### Task item:
In the listing below, find the line containing "pose factors s". Write out that line and every line after it to the end, exactly and only those.

### Records shown:
Lemma A_to_U_is_zmod_morphism : zmod_morphism A.
Proof.
move=> p q; set N := maxn (size p) (size q).
have pN : sizes_le N (poly_repr p).
  by move=> s; rewrite (leq_trans (sizes_le_poly_repr p s)) ?leq_maxl.
have qN : sizes_le N (poly_repr q).
  by move=> s; rewrite (leq_trans (sizes_le_poly_repr q s)) ?leq_maxr.
rewrite (@A_to_U_ulim_poly N (fun s => poly_repr p s - poly_repr q s)); first last.
- rewrite ulim_polyB (ulim_poly_widen DU (sizes_le_poly_repr p)) ?leq_maxl //.
  by rewrite (ulim_poly_widen DU (sizes_le_poly_repr q)) ?leq_maxr // !ulim_poly_repr.
- by move=> s; rewrite (leq_trans (size_polyD _ _)) // size_polyN geq_max pN qN.
rewrite /A_to_U -rmorphB; congr ulim; apply: functional_extensionality_dep => s.
by rewrite prodR_subE rmorphB.
Qed.

Lemma A_to_U_is_monoid_morphism : monoid_morphism A.
Proof.
split=> [|p q].
  rewrite (@A_to_U_ulim_poly 1 (fun=> 1)); first last.
  - apply/polyP => i; rewrite coef_poly coef1; case: i => [|i] //=.
    rewrite -(rmorph1 (@ulim _ _ DU F)); apply/ulim_eq.
    by apply: filterS filterT => s _ /=; rewrite coef1.
  - by move=> s; rewrite size_poly1.
  by rewrite -(rmorph1 (@ulim _ _ DU Ft)); congr ulim; apply: functional_extensionality_dep => s;
    rewrite rmorph1.
have pN := sizes_le_poly_repr p; have qN := sizes_le_poly_repr q.
rewrite (@A_to_U_ulim_poly (size p + size q) (fun s => poly_repr p s * poly_repr q s)); first last.
- by rewrite ulim_polyM // !ulim_poly_repr.
- exact: sizes_leM.
rewrite /A_to_U -rmorphM; congr ulim; apply: functional_extensionality_dep => s.
by rewrite rmorphM.
Qed.

HB.instance Definition _ := GRing.isZmodMorphism.Build _ _ A A_to_U_is_zmod_morphism.
HB.instance Definition _ := GRing.isMonoidMorphism.Build _ _ A A_to_U_is_monoid_morphism.

Lemma A_to_U_inj : injective A.
Proof.
apply: raddf_inj => q /(ulim_eq0 DU) q0; rewrite -[q]ulim_poly_repr.
apply/(ulim_poly_eq0 DU (sizes_le_poly_repr q)); apply: filterS q0 => s /= /eqP.
by rewrite tofrac_eq0 => /eqP.
Qed.

(* [F_to_U DU F] unfolds to [frac_lift A]. *)
HB.instance Definition _ := GRing.isNmodMorphism.Build _ _ (F_to_U DU F)
  (frac_lift_is_nmod_morphism A_to_U_inj).
HB.instance Definition _ := GRing.isMonoidMorphism.Build _ _ (F_to_U DU F)
  (frac_lift_is_monoid_morphism A_to_U_inj).

Lemma F_to_U_tofrac a : F_to_U DU F (tofrac a) = A a.
Proof. exact: (frac_lift_tofrac A_to_U_inj). Qed.

Lemma map_A_to_U_ulim_polyXY n e Qs : sizesXY_le n e Qs ->
  map_poly A (ulim_polyXY DU n e Qs) = ulim_poly DU n (fun s => map_poly (@tofrac _) (Qs s)).
Proof.
move=> QsB; apply/polyP => i; rewrite coef_map /= coef_ulim_polyXY // coef_ulim_poly; last first.
  by move=> s; rewrite (size_map_inj_poly (@tofrac_inj _) (rmorph0 _)); apply: QsB.1.
rewrite (A_to_U_ulim_poly (QsB.2 i) erefl); congr ulim.
by apply: functional_extensionality_dep => s; rewrite coef_map.
Qed.

Lemma size_factor_leq (Q : {poly {poly K}}) (G H : {poly ultrahull DU F}) :
  G * H = map_poly A Q -> (size Q <= size G + size H)%N.
Proof.
move=> GHE; rewrite -(size_map_inj_poly A_to_U_inj (rmorph0 _)) -GHE.
exact: size_polyM_leq_add.
Qed.

Lemma near_lift_factor e Qs (Q : {poly {poly K}}) (G H : {poly ultrahull DU F}) :
    sizesXY_le (size Q) e Qs -> ulim_polyXY DU (size Q) e Qs = Q ->
    G * H = map_poly A Q ->
  D [set s | poly_repr G s * poly_repr H s = map_poly (@tofrac _) (Qs s)].
Proof.
move=> QsB QsE GHE; have QN := size_factor_leq GHE.
have GHs_bound := sizes_leM (sizes_le_poly_repr G) (sizes_le_poly_repr H).
have Qs_bound : sizes_le (size Q) (fun s => map_poly (@tofrac _) (Qs s)).
  by move=> s; rewrite (size_map_inj_poly (@tofrac_inj _) (rmorph0 _)); apply: QsB.1.
apply/(ulim_poly_eq DU GHs_bound (fun s => leq_trans (Qs_bound s) QN)).
rewrite ulim_polyM ?ulim_poly_repr ?GHE; try exact: sizes_le_poly_repr.
by rewrite -[in LHS]QsE map_A_to_U_ulim_polyXY // (ulim_poly_widen DU Qs_bound QN).
Qed.

Lemma ultrahull_factor_descends (Q : {poly {poly K}}) (G H : {poly ultrahull DU F}) :
  G != 0 -> H != 0 -> G * H = map_poly A Q ->
  exists G' H', [/\ G' * H' = Q, size G' = size G & size H' = size H].
Proof.
move=> G0 H0 GHE; have [Qs [QsB QsE]] := ulim_polyXY_surj Q.
have QN := size_factor_leq GHE.
set e := sizeY Q in QsB QsE; have Qs_sizeY s : (sizeY (Qs s) <= e)%N.
  by apply/bigmax_leqP => i _; apply: QsB.2.
have near_sG := size_ulim_poly DU (sizes_le_poly_repr G); rewrite ulim_poly_repr in near_sG.
have near_sH := size_ulim_poly DU (sizes_le_poly_repr H); rewrite ulim_poly_repr in near_sH.
(* Gauss's lemma bounds the t-degrees of the factors by [sizeY (Qs s) <= e]:
   this uniform bound is what makes their ultralimits exist. *)
pose bounded s (GH : {poly {poly F s}} * {poly {poly F s}}) :=
  [/\ (size GH.1 <= size G)%N, (size GH.2 <= size H)%N,
      (sizeY GH.1 <= e)%N & (sizeY GH.2 <= e)%N].
pose factors s (GH : {poly {poly F s}} * {poly {poly F s}}) :=
  [/\ GH.1 * GH.2 = Qs s, size GH.1 = size G & size GH.2 = size H].
have [GHs [GHs_bounded near_factors]] :
    exists GHs : forall s, _, (forall s, bounded s (GHs s)) /\ D [set s | factors s (GHs s)].
  apply: near_choice => [s|].
    by exists (0, 0); split; rewrite /= ?size_poly0 // /sizeY size_poly0 big_ord0.
  have near_GH := near_lift_factor QsB QsE GHE.
  apply: filterS (filterI near_GH (filterI near_sG near_sH)) => s [GHsE [sGs sHs]].
  have [|| G2 [H2 [E2]]] := Gauss_factor_sizeY _ _ GHsE.
  - by rewrite -size_poly_gt0 sGs size_poly_gt0.
  - by rewrite -size_poly_gt0 sHs size_poly_gt0.
  rewrite sGs sHs => sG2 sH2 G2Q H2Q.
  exists (G2, H2); split; split; rewrite /= ?sG2 ?sH2 //.
    exact: leq_trans G2Q (Qs_sizeY s).
  exact: leq_trans H2Q (Qs_sizeY s).
have G's_bound : sizesXY_le (size G) e (fun s => (GHs s).1).
  by split=> [s|i s]; case: (GHs_bounded s) => // _ _ + _; apply/leq_trans/max_size_coefXY.
have H's_bound : sizesXY_le (size H) e (fun s => (GHs s).2).
  by split=> [s|i s]; case: (GHs_bounded s) => // _ _ _; apply/leq_trans/max_size_coefXY.
exists (ulim_polyXY DU (size G) e (fun s => (GHs s).1)).
exists (ulim_polyXY DU (size H) e (fun s => (GHs s).2)); split.
- rewrite -ulim_polyXYM // (@eq_ulim_polyXY _ _ _ _ _ _ _ Qs).
    by rewrite (ulim_polyXY_widen DU QsB) ?leq_addr.
  by apply: filterS near_factors => s [].
- apply: (near_eq DU (size_ulim_polyXY DU G's_bound)).
  by apply: filterS near_factors => s [].
- apply: (near_eq DU (size_ulim_polyXY DU H's_bound)).
  by apply: filterS near_factors => s [].
Qed.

### Answer area:
pose factors s (GH : {poly {poly F s}} * {poly {poly F s}}) :=
  [/\ GH.1 * GH.2 = Qs s, size GH.1 = size G & size GH.2 = size H].
have [GHs [GHs_bounded near_factors]] :
    exists GHs : forall s, _, (forall s, bounded s (GHs s)) /\ D [set s | factors s (GHs s)].
  apply: near_choice => [s|].
    by exists (0, 0); split; rewrite /= ?size_poly0 // /sizeY size_poly0 big_ord0.
  have near_GH := near_lift_factor QsB QsE GHE.
  apply: filterS (filterI near_GH (filterI near_sG near_sH)) => s [GHsE [sGs sHs]].
  have [|| G2 [H2 [E2]]] := Gauss_factor_sizeY _ _ GHsE.
  - by rewrite -size_poly_gt0 sGs size_poly_gt0.
  - by rewrite -size_poly_gt0 sHs size_poly_gt0.
  rewrite sGs sHs => sG2 sH2 G2Q H2Q.
  exists (G2, H2); split; split; rewrite /= ?sG2 ?sH2 //.
    exact: leq_trans G2Q (Qs_sizeY s).
  exact: leq_trans H2Q (Qs_sizeY s).
have G's_bound : sizesXY_le (size G) e (fun s => (GHs s).1).
  by split=> [s|i s]; case: (GHs_bounded s) => // _ _ + _; apply/leq_trans/max_size_coefXY.
have H's_bound : sizesXY_le (size H) e (fun s => (GHs s).2).
  by split=> [s|i s]; case: (GHs_bounded s) => // _ _ _; apply/leq_trans/max_size_coefXY.
exists (ulim_polyXY DU (size G) e (fun s => (GHs s).1)).
exists (ulim_polyXY DU (size H) e (fun s => (GHs s).2)); split.
- rewrite -ulim_polyXYM // (@eq_ulim_polyXY _ _ _ _ _ _ _ Qs).
    by rewrite (ulim_polyXY_widen DU QsB) ?leq_addr.
  by apply: filterS near_factors => s [].
- apply: (near_eq DU (size_ulim_polyXY DU G's_bound)).
  by apply: filterS near_factors => s [].
- apply: (near_eq DU (size_ulim_polyXY DU H's_bound)).
  by apply: filterS near_factors => s [].
Qed.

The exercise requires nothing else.